Glücklicherweise war Mr. Galifard ein sehr gutherziger Mann, der es nicht zugab, daß seine Protegés in den Hintergrund gedrängt werden.
» Nix cache-cache spielen, Monsieur Maurice. Allons! Walzer geht an. Nur Courage! Ne cherchez pas toujours la allerschlekteste Tänzerin! Fangen Sie Fräulein Erzsike par le 'and. Valsez la!«
Dann nahm er mich beim Arme, führte mich zu Erzsike, legte ihre Hand in die meinige und kommandierte: »Ein, zwei!«
Der damalige Walzer aber war grundverschieden von dem heutigen. Der heutige ist reiner Spaß, jener aber war eine gar ernste Sache. Tänzer und Tänzerin hielten den Oberkörper in möglichster Distanz voneinander, dagegen stemmten sie die Füße gegeneinander. Dann geriet der Oberkörper mit einem Male kräftig in Schwung; dies mußte bei beiden in einem Tempo geschehen und die Beine waren genötigt, dem dahinfliegenden Körper in raschem Laufe zu folgen. Gleich dem schwanken Kahn auf den Meereswogen hob und senkte sich das tanzende Paar und je schneller es sich im Kreise drehte, desto weiter voneinander hielten sich die beiden zurückgeworfenen Köpfe. Das war ein rechter Willitanz! Willi – gespenstige Sumpfnixe, auch Irrlicht. Anmerkung des Herausgebers
Der Meister stand im Kreise und folgte unserem Tanze, wobei er nicht müde ward, uns zu ermuntern.
» Très bien, Monsieur Maurice, Ça va ausgezeiknet! 'alten Sie brav, Mademoiselle. Nix auf die Füße schauen. Regarder aux yeux. Das ist riktig. Embrassieren ist besser als embarrassieren. Pouah! Da likst schon alle beide!«
Nein »liegst« justament nicht! Ich hatte den unvermeidlichen Fall vorausgesehen und, um meine Tänzerin zu retten, mich selbst aufgeopfert, indem ich mich auf die Kniee warf; sie berührte das Parkett kaum mit den Fingerspitzen. Um meine Kniee wäre nicht schade gewesen, aber mein Beinkleid barst just oberhalb des Kniees. Ich war vernichtet. – Nichts Schrecklicheres kann einem zustoßen.
Erzsike lachte über meinen trostlosen Zustand; dann aber fühlte sie Mitleid mit mir.
»Warten Sie, ich will den Riß mit einer Stecknadel zusammenheften.«
Sie zog aus den Falten ihres Kleides eine Stecknadel, hockte vor mir nieder und heftete die an meiner taubengrauen Hose entstandene Unterbrechung schlecht und recht zusammen. In der großen Hast stach sie mit der Stecknadel bis ins Lebendige.
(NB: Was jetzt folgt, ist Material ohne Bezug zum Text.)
Lemma coef_cauchy2_gf k b : cauchy2_gf k b = C2 k b / b`!%:R.
Proof. by rewrite /C2 [_ * cauchy2_gf _ _]mulrC mulfK ?natr_fact_neq0. Qed.

Lemma coef_Atilde n r k j : (Atilde n r k)`_j =
  n`!%:R * \sum_(i < n.+1)
    (\sum_(a < i.+1) bernoulliB a (a%:Z - r%:Z + 1) (1 - r%:R) / a`!%:R
                     * (C2 k (i - a) / (i - a)`!%:R))
    * (S1 (n - i) j / (n - i)`!%:R).
Proof.
rewrite /Atilde coefZ /Atilde_gf /fps_mul coef_sum; congr (_ * _).
apply: eq_bigr => i _; rewrite coefCM coef_onept_pow_x; congr (_ * _).
by apply: eq_bigr => a _; rewrite coef_fps_pow_tdiv_log coef_cauchy2_gf.
Qed.

Lemma bin_mul_factE n m a : (m <= n)%N -> (a <= n - m)%N ->
  n`!%:R / (a`!%:R * (n - m - a)`!%:R * m`!%:R) = ('C(n, m) * 'C(n - m, a))%:R :> rat.
Proof.
move=> hm ha.
have -> : n`! = ('C(n, m) * 'C(n - m, a) * (a`! * (n - m - a)`! * m`!))%N.
  by rewrite -(bin_fact hm) -(bin_fact ha); ring.
by rewrite !natrM mulfK // !mulf_neq0 ?natr_fact_neq0.
Qed.

Lemma egf_convolution3 n j (B C s : nat -> rat) : (j <= n)%N ->
  (forall m, (m < j)%N -> s m = 0) ->
  n`!%:R * \sum_(i < n.+1)
    (\sum_(a < i.+1) B a / a`!%:R * (C (i - a)%N / (i - a)`!%:R))
    * (s (n - i)%N / (n - i)`!%:R)
  = \sum_(l < (n - j).+1) \sum_(a < (n - j - l).+1)
      ('C(n, l + j) * 'C(n - j - l, a))%:R * s (l + j)%N * B a * C (n - j - l - a)%N.
Proof.
move=> hjn s_small.
pose G m := \sum_(a < (n - m).+1)
  ('C(n, m) * 'C(n - m, a))%:R * s m * B a * C (n - m - a)%N.
transitivity (\sum_(m < n.+1) G m).
  rewrite mulr_sumr (reindex_inj rev_ord_inj); apply: eq_bigr => -[m hm] _ /=.
  rewrite subSS subKn // mulr_suml mulr_sumr; apply: eq_bigr => -[a ha] _ /=.
  rewrite -bin_mul_factE //.
  have fa := natr_fact_neq0 (R := rat) a.
  have fb := natr_fact_neq0 (R := rat) (n - m - a).
  have fm := natr_fact_neq0 (R := rat) m.
  by field; rewrite fa fb fm.
rewrite -(big_mkord xpredT G) (big_cat_nat (leq0n j) (leqW hjn)) /=.
rewrite [X in X + _]big_nat_cond big1 ?add0r.
  rewrite -{1}(add0n j) big_addn subSn // big_mkord.
  by apply: eq_bigr => l _; rewrite /G addnC subnDA.
move=> m /andP[/andP[_ hm] _]; rewrite /G big1 // => a _.
by rewrite s_small // mulr0 !mul0r.
Qed.

(* Indexing c by ordinals lets the lemma rewrite sums whose summand uses the index
   as a nat. *)
Lemma coef_sum_polyCXn {R : nzRingType} n (c : 'I_n.+1 -> R) j :
  (\sum_(i < n.+1) (c i)%:P * 'X^i)`_j = if (j <= n)%N then c (inord j) else 0.
Proof.
have -> : \sum_(i < n.+1) (c i)%:P * 'X^i = \poly_(i < n.+1) c (inord i).
  by rewrite poly_def; apply: eq_bigr => i _; rewrite inord_val mul_polyC.
by rewrite coef_poly ltnS.
Qed.

Theorem theorem3 (n r : nat) (k : int) :
  Atilde n r k =
  \sum_(j < n.+1)
    (\sum_(l < (n - j).+1) \sum_(a < (n - j - l).+1)
        ('C(n, l + j) * 'C(n - j - l, a))%:R * S1 (l + j) j
        * bernoulliB a (a%:Z - r%:Z + 1) (1 - r%:R)
        * C2 k (n - j - l - a))%:P * 'X^j.
Proof.
apply/polyP => j; rewrite coef_sum_polyCXn coef_Atilde; case: leqP => hj.
  rewrite inordK //; apply: (egf_convolution3 n j
    (fun a => bernoulliB a (a%:Z - r%:Z + 1) (1 - r%:R)) (C2 k) (S1^~ j)) => //.
  by move=> m; apply: S1_small.
rewrite big1 ?mulr0 // => i _; rewrite S1_small ?mul0r ?mulr0 //.
by rewrite (leq_ltn_trans (leq_subr _ _) hj).
Qed.
Definition span P v :=
  exists l : seq (K * V), (forall p, p \in l -> P p.2) /\ v = \sum_(p <- l) p.1 *: p.2.

Lemma span_uniq P v : span P v ->
  exists s, exists c : V -> K,
    [/\ uniq s, (forall u, u \in s -> P u) & v = \sum_(u <- s) c u *: u].
Proof.
case=> l [lP ->]; elim: l lP => [|[a x] l IH] lP.
  by exists [::], (fun _ => 0); rewrite !big_nil.
have [|s [c [us sP E]]] := IH; first by move=> p pl; apply: lP; rewrite inE pl orbT.
have Px : P x by apply: (lP (a, x)); rewrite mem_head.
rewrite big_cons /= E; case: (boolP (x \in s)) => xs.
  exists s, (fun u => if u == x then a + c u else c u); split=> //.
  rewrite (bigD1_seq x) //= [in RHS](bigD1_seq x) //= eqxx scalerDl addrA.
  by congr (_ + _); apply: eq_bigr => u /negbTE ->.
exists (x :: s), (fun u => if u == x then a else c u); split.
- by rewrite /= xs.
- by move=> u; rewrite inE => /orP[/eqP ->|/sP].
- rewrite big_cons eqxx; congr (_ + _); apply: eq_big_seq => u us2.
  by case: eqP => // ux; rewrite -ux us2 in xs.
Qed.

Lemma span_mem P v : P v -> span P v.
Proof.
by move=> Pv; exists [:: (1, v)]; rewrite big_seq1 scale1r; split=> // p; rewrite inE => /eqP ->.
Qed.

Lemma span_sum P s (c : V -> K) :
  (forall u, u \in s -> span P u) -> span P (\sum_(u <- s) c u *: u).
Proof.
elim: s => [|v s IH] sP; first by exists [::]; rewrite !big_nil.
have [|l1 [P1 E1]] := sP v; first exact: mem_head.
have [|l2 [P2 E2]] := IH; first by move=> u us; apply: sP; rewrite inE us orbT.
exists ([seq (c v * p.1, p.2) | p <- l1] ++ l2); split.
  by move=> p; rewrite mem_cat => /orP[/mapP[q /P1 ? ->]|/P2].
by rewrite big_cons big_cat big_map E1 E2 scaler_sumr; congr (_ + _);
  apply: eq_bigr => p _; rewrite scalerA.
Qed.

Lemma span_trans P Q v : (forall u, P u -> span Q u) -> span P v -> span Q v.
Proof. by move=> PQ /span_uniq [s [c [_ sP ->]]]; apply: span_sum => u /sP; exact: PQ. Qed.

(* Basis vectors are those that are not combinations of wo-smaller vectors: a
   Hamel basis obtained from the well-ordering alone, without Zorn's lemma. *)
Definition basis_vec v : Prop := ~ span (fun u => wo u v /\ u <> v) v.

Lemma span_basis v : span basis_vec v.
Proof.
apply: contrapT => nv.
have [m [nm mmin]] := wo_min (ex_intro (fun v => ~ span basis_vec v) v nv).
apply: nm; have [/span_mem //|/contrapT] := pselect (basis_vec m).
apply: span_trans => u [um num]; apply: contrapT => nu.
by apply: num; apply/wo_anti; rewrite um mmin.
Qed.

Lemma basis_free s (c : V -> K) : uniq s -> (forall u, u \in s -> basis_vec u) ->
  \sum_(u <- s) c u *: u = 0 -> forall u, u \in s -> c u = 0.
Proof.
move=> us sB E; apply: contrapT => /existsNP [u0] /not_implyP [u0s cu0].
set s' := [seq u <- s | c u != 0].
have s'ne : s' != [::].
  apply/eqP => s'0; apply: cu0; apply/eqP; apply: negbFE.
  by rewrite -(andbT (_ != _)) -u0s -(mem_filter (fun u => c u != 0)) -/s' s'0.
have [m ms' mmax] := wo_max_seq s'ne.
move: (ms'); rewrite mem_filter => /andP[cm ms].
apply: (sB m ms).
have E' : \sum_(u <- s') c u *: u = 0.
  rewrite big_filter big_mkcond /= -[RHS]E; apply: eq_bigr => u _.
  by case: eqP => [->|] /=; rewrite ?scale0r.
rewrite (bigD1_seq m) ?filter_uniq //= in E'.
exists [seq (- c u / c m, u) | u <- s' & u != m]; split.
  move=> p /mapP [u]; rewrite mem_filter => /andP[um us1] -> /=.
  by split; [exact: mmax | exact/eqP].
rewrite big_map big_filter /=.
have Ee : c m *: m = - \sum_(u <- s' | u != m) c u *: u by apply/eqP; rewrite -addr_eq0 E'.
transitivity ((c m)^-1 *: (c m *: m)); first by rewrite scalerA mulVf // scale1r.
rewrite Ee scalerN scaler_sumr -sumrN; apply: eq_bigr => u _.
by rewrite scalerA mulNr scaleNr mulrC.
Qed.

Lemma big_uniq_subseq (U : zmodType) s1 s2 (F : V -> U) :
  uniq s1 -> uniq s2 -> {subset s1 <= s2} ->
  (forall u, u \in s2 -> u \notin s1 -> F u = 0) ->
  \sum_(u <- s1) F u = \sum_(u <- s2) F u.
Proof.
move=> u1 u2 sub F0.
rewrite [RHS](bigID [in s1]) /= [X in _ + X]big1_seq ?addr0; last first.
  by move=> u /andP[nu us2]; apply: F0.
rewrite -[RHS]big_filter (perm_big [seq i <- s2 | i \in s1]) //.
apply: uniq_perm => //; first exact: filter_uniq.
by move=> u; rewrite mem_filter; case: (boolP (u \in s1)) => // /sub ->.
Qed.

Lemma basis_decomposition v : exists r : seq V * (V -> K),
  [/\ uniq r.1, (forall u, u \in r.1 -> basis_vec u) & v = \sum_(u <- r.1) r.2 u *: u].
Proof. by have [s [c [us sB E]]] := span_uniq (span_basis v); exists (s, c). Qed.

Definition supp v := (projT1 (cid (basis_decomposition v))).1.
Definition coord v u :=
  if u \in supp v then (projT1 (cid (basis_decomposition v))).2 u else 0.

Lemma supp_uniq v : uniq (supp v).
Proof. by case: (projT2 (cid (basis_decomposition v))). Qed.

Lemma supp_basis v u : u \in supp v -> basis_vec u.
Proof. by case: (projT2 (cid (basis_decomposition v))) => _ sB _; apply: sB. Qed.

Lemma coord_supp v u : u \notin supp v -> coord v u = 0.
Proof. by rewrite /coord => /negbTE ->. Qed.

Lemma coord_expand v s : uniq s -> {subset supp v <= s} -> v = \sum_(u <- s) coord v u *: u.
Proof.
move=> us sub; case: (projT2 (cid (basis_decomposition v))) => su _ E.
rewrite -(@big_uniq_subseq _ (supp v)) //; last by move=> u _ /coord_supp ->; rewrite scale0r.
by rewrite {1}E; apply: eq_big_seq => u uin; rewrite /coord -/(supp v) uin.
Qed.

Lemma coord_linear a v w u : coord (a *: v + w) u = a * coord v u + coord w u.
Proof.
have [Bu|Bu] := pselect (basis_vec u); last first.
  have nu x : u \notin supp x by apply/negP => /supp_basis.
  by rewrite !coord_supp // mulr0 addr0.
set s := undup (u :: supp v ++ supp w ++ supp (a *: v + w)).
have us : uniq s by exact: undup_uniq.
have sB x : x \in s -> basis_vec x.
  by rewrite mem_undup inE !mem_cat => /orP[/eqP ->//|/or3P[]]; exact: supp_basis.
have E1 := @coord_expand v s us; have E2 := @coord_expand w s us.
have E3 := @coord_expand (a *: v + w) s us.
have Z : \sum_(x <- s) (coord (a *: v + w) x - (a * coord v x + coord w x)) *: x = 0.
  under eq_bigr => x _ do rewrite scalerBl scalerDl -scalerA.
  rewrite sumrB big_split /= -scaler_sumr -E1 -?E2 -?E3 ?subrr //;
    by move=> y yv; rewrite mem_undup inE !mem_cat yv !orbT.
by apply/eqP; rewrite -subr_eq0; apply/eqP; apply: (basis_free us sB Z); rewrite mem_undup mem_head.
Qed.

End HamelBasis.

Section BilinearLift.
Variables (K : fieldType) (V W : lmodType K).
Implicit Types (q : V -> W) (x y : V).

Definition polar q x y := q (x + y) - q x - q y.

Definition quadratic q :=
  (forall a x, q (a *: x) = a ^+ 2 *: q x) /\ (forall y, linear (polar q ^~ y)).

(* On basis vectors: [q u] on the diagonal, the polar form above it (for the
   well-order) and [0] below it, so that the diagonal of [bilift q] is [q]
   over any field, including characteristic 2. *)
Definition upper_polar q (u u' : V) : W :=
  if u == u' then q u else if wo u u' then polar q u u' else 0.

Definition bilift q x y : W :=
  \sum_(u <- supp x) \sum_(u' <- supp y) (coord x u * coord y u') *: upper_polar q u u'.

Lemma bilift_supp q x y (s t : seq V) : uniq s -> uniq t ->
  {subset supp x <= s} -> {subset supp y <= t} ->
  bilift q x y = \sum_(u <- s) \sum_(u' <- t) (coord x u * coord y u') *: upper_polar q u u'.
Proof.
move=> us ut sx sy; rewrite /bilift (@big_uniq_subseq _ _ _ (supp x) s) ?supp_uniq //; last first.
  by move=> u _ /coord_supp ->; apply: big1 => u' _; rewrite mul0r scale0r.
apply: eq_bigr => u _; apply: big_uniq_subseq => //; first exact: supp_uniq.
by move=> u' _ /coord_supp ->; rewrite mulr0 scale0r.
Qed.

Lemma bilift_linearl q y : linear (bilift q ^~ y).
Proof.
move=> a x x'; set s := undup (supp x ++ supp x' ++ supp (a *: x + x')).
rewrite !(@bilift_supp q _ y s (supp y)) ?undup_uniq ?supp_uniq //;
  try by move=> z zs; rewrite mem_undup !mem_cat zs ?orbT.
rewrite scaler_sumr -big_split; apply: eq_bigr => u _.
rewrite scaler_sumr -big_split; apply: eq_bigr => u' _.
by rewrite coord_linear mulrDl scalerDl scalerA mulrA.
Qed.

Lemma bilift_linearr q x : linear (bilift q x).
Proof.
move=> a y y'; set t := undup (supp y ++ supp y' ++ supp (a *: y + y')).
rewrite !(@bilift_supp q x _ (supp x) t) ?undup_uniq ?supp_uniq //;
  try by move=> z zs; rewrite mem_undup !mem_cat zs ?orbT.
rewrite scaler_sumr -big_split; apply: eq_bigr => u _.
rewrite scaler_sumr -big_split; apply: eq_bigr => u' _.
by rewrite coord_linear mulrDr scalerDl scalerA mulrCA.
Qed.

Lemma bilift_combination q q1 q2 a : (forall x, q x = a *: q1 x + q2 x) ->
  forall x y, bilift q x y = a *: bilift q1 x y + bilift q2 x y.
Proof.
move=> E x y; have Eu u u' : upper_polar q u u' = a *: upper_polar q1 u u' + upper_polar q2 u u'.
  rewrite /upper_polar; case: eqP => _; first by rewrite E.
  by case: (wo u u'); rewrite ?scaler0 ?addr0 // /polar !E !scalerBr; zmod_cancel.
rewrite /bilift scaler_sumr -big_split; apply: eq_bigr => u _.
rewrite scaler_sumr -big_split; apply: eq_bigr => u' _.
by rewrite Eu scalerDr !scalerA [_ * a]mulrC.
Qed.
(* Let $T$ be an order tree of height at most $\omega_1$, $G$ a sparse $T$-graph, $H=G\sharp\mathbb{N}$ its ray inflation, and $0\le i<\omega_1$. Then the map $t\mapsto H[\lfloor t\rfloor\times\mathbb{N}]$, where $\lfloor t\rfloor=\{t'\in T : t\le t'\}$, is a bijection between the level $T^i$ and the set of components of $H-(T^{<i}\times\mathbb{N})$.
   Context: An order tree is a partial order $(T,\le)$ with a unique minimal element (the root) in which every set $\{t' : t'\le t\}$ is well-ordered; the height of $t$ is the order type of $\{t' : t'<t\}$; $T^i$ is the set of points of height $i$ and $T^{<i}=\bigcup_{j<i}T^j$; the height of $T$ is the supremum of the order types of its maximal chains. $t$ is a successor of $t'$ (its predecessor) if $t'<t$ with nothing strictly between; otherwise $t$ is a limit. A $T$-graph is a graph $G$ with $V(G)=T$ whose edges join comparable points and in which for every $t$ the neighbours of $t$ below $t$ (its down-neighbours) are cofinal in $\{s : s<t\}$. $G$ is sparse if the set of down-neighbours of each $t$ has order type $\mathrm{cf}(\{s : s<t\})$; for height at most $\omega_1$, this means a successor's only down-neighbour is its predecessor and a non-root limit's down-neighbours form a cofinal $\omega$-sequence below it. The ray inflation $G\sharp\mathbb{N}$ has vertex set $T\times\mathbb{N}$ and edges: $(t,n)(t,n+1)$ for all $t,n$; $(t,n)(t',n)$ for all $n$ if $t$ is a successor with predecessor $t'$; $(t,n)(t_n,n)$ for all $n$ if $t$ is a non-root limit with down-neighbours $t_0<t_1<\cdots$. $H[X]$ denotes the induced subgraph on $X$. *)

Set Implicit Arguments.

Section OrderTrees.
Variable T : Type.
Variable le : T -> T -> Prop.

Definition lt (s t : T) : Prop := le s t /\ s <> t.

Definition comparable (s t : T) : Prop := le s t \/ le t s.

Definition minimal (r : T) : Prop := forall s, le s r -> s = r.

Definition well_ordered_on (A : T -> Prop) : Prop :=
  (forall x y, A x -> A y -> comparable x y) /\
  (forall S : T -> Prop, (forall x, S x -> A x) -> (exists x, S x) ->
     exists m, S m /\ forall x, S x -> le m x).

Definition order_tree : Prop :=
  (forall t, le t t) /\
  (forall s t, le s t -> le t s -> s = t) /\
  (forall s t u, le s t -> le t u -> le s u) /\
  (exists r, minimal r /\ forall r', minimal r' -> r' = r) /\
  (forall t, well_ordered_on (fun s => le s t)).

Definition countable_set (A : T -> Prop) : Prop :=
  exists f : T -> nat, forall x y, A x -> A y -> f x = f y -> x = y.

Definition chain (C : T -> Prop) : Prop :=
  forall x y, C x -> C y -> comparable x y.

Definition maximal_chain (C : T -> Prop) : Prop :=
  chain C /\ forall x, (forall c, C c -> comparable x c) -> C x.

(* Height of T at most omega_1: every maximal chain (a well-order) has order
   type <= omega_1, i.e. each of its proper initial segments is countable. *)
Definition height_le_omega1 : Prop :=
  forall C, maximal_chain C ->
    forall c0, C c0 -> countable_set (fun c => C c /\ lt c c0).

Definition succ_of (p t : T) : Prop :=
  lt p t /\ ~ (exists u, lt p u /\ lt u t).

Definition limit (t : T) : Prop := ~ (exists p, succ_of p t).

Definition nonroot (t : T) : Prop := exists s, lt s t.

Variable E : T -> T -> Prop.

Definition down_nbr (t u : T) : Prop := E u t /\ lt u t.

Definition T_graph : Prop :=
  (forall s t, E s t -> E t s) /\
  (forall t, ~ E t t) /\
  (forall s t, E s t -> comparable s t) /\
  (forall s t, lt s t -> exists u, down_nbr t u /\ le s u).

Definition strictly_increasing (f : nat -> T) : Prop :=
  forall m n, m < n -> lt (f m) (f n).

Definition down_enum (t : T) (f : nat -> T) : Prop :=
  strictly_increasing f /\ forall u, down_nbr t u <-> exists n, f n = u.

(* Sparse T-graph, for height at most omega_1: the only down-neighbour of a
   successor is its predecessor; the down-neighbours of a non-root limit form
   an omega-sequence (order type omega). *)
Definition sparse : Prop :=
  (forall p t, succ_of p t -> forall u, down_nbr t u <-> u = p) /\
  (forall t, limit t -> nonroot t -> exists f, down_enum t f).

Definition ray_edge0 (x y : T * nat) : Prop :=
  (fst x = fst y /\ snd y = S (snd x)) \/
  (snd x = snd y /\ succ_of (fst y) (fst x)) \/
  (snd x = snd y /\ limit (fst x) /\ nonroot (fst x) /\
     exists f, down_enum (fst x) f /\ f (snd x) = fst y).

Definition ray_inflation (x y : T * nat) : Prop := ray_edge0 x y \/ ray_edge0 y x.

End OrderTrees.

(* ---- Ordinals below omega_1, represented by countable well-orders ---- *)
Definition wellorder (I : Type) (ltI : I -> I -> Prop) : Prop :=
  (forall x, ~ ltI x x) /\
  (forall x y z, ltI x y -> ltI y z -> ltI x z) /\
  (forall x y, ltI x y \/ x = y \/ ltI y x) /\
  well_founded ltI.

Definition countable_type (I : Type) : Prop :=
  exists f : I -> nat, forall x y, f x = f y -> x = y.

Definition order_iso (X Y : Type) (A : X -> Prop) (ltA : X -> X -> Prop)
  (B : Y -> Prop) (ltB : Y -> Y -> Prop) : Prop :=
  exists R : X -> Y -> Prop,
    (forall x y, R x y -> A x /\ B y) /\
    (forall x, A x -> exists y, R x y) /\
    (forall y, B y -> exists x, R x y) /\
    (forall x y y', R x y -> R x y' -> y = y') /\
    (forall x x' y, R x y -> R x' y -> x = x') /\
    (forall x y x' y', R x y -> R x' y' -> (ltA x x' <-> ltB y y')).

(* t has height i, i.e. t lies in T^i, where i is the order type of (I, ltI) *)
Definition has_height (T : Type) (le : T -> T -> Prop) (t : T)
  (I : Type) (ltI : I -> I -> Prop) : Prop :=
  order_iso (fun s => lt le s t) (lt le) (fun _ : I => True) ltI.

(* t lies in T^{<i}: its height is the order type of a proper initial segment
   of (I, ltI) *)
Definition height_below (T : Type) (le : T -> T -> Prop) (t : T)
  (I : Type) (ltI : I -> I -> Prop) : Prop :=
  exists k0 : I, order_iso (fun s => lt le s t) (lt le) (fun k => ltI k k0) ltI.

Inductive reach_in (V : Type) (adj : V -> V -> Prop) (X : V -> Prop) (v : V)
  : V -> Prop :=
| reach_refl : X v -> reach_in adj X v v
| reach_step : forall w w', reach_in adj X v w -> X w' -> adj w w' ->
    reach_in adj X v w'.

Definition is_component (V : Type) (adj : V -> V -> Prop) (X C : V -> Prop)
  : Prop :=
  exists v, X v /\ forall w, C w <-> reach_in adj X v w.

Definition up_times (T : Type) (le : T -> T -> Prop) (t : T) (v : T * nat)
  : Prop := le t (fst v).

From Stdlib Require Import Classical Lia.
Set Implicit Arguments.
»Habe ich Sie nicht gestochen?« fragte sie, mit ihren treuherzigen, großen Augen zu mir aufblickend.
»Nein,« sagte ich. – Ich verspürte doch nichts von dem Stich.
Und wir tanzten weiter. Ich übertraf mich selbst, – mit einer Stecknadel im Knie und einer zweiten – wer weiß wo? Dreimal walzte ich mit Erzsike im Saale herum, und als ich sie zu ihren Hüterinnen zurückführte, war mir's, als würden dreiunddreißig Mamas, Tanten und Gesellschafterinnen mich umkreisen.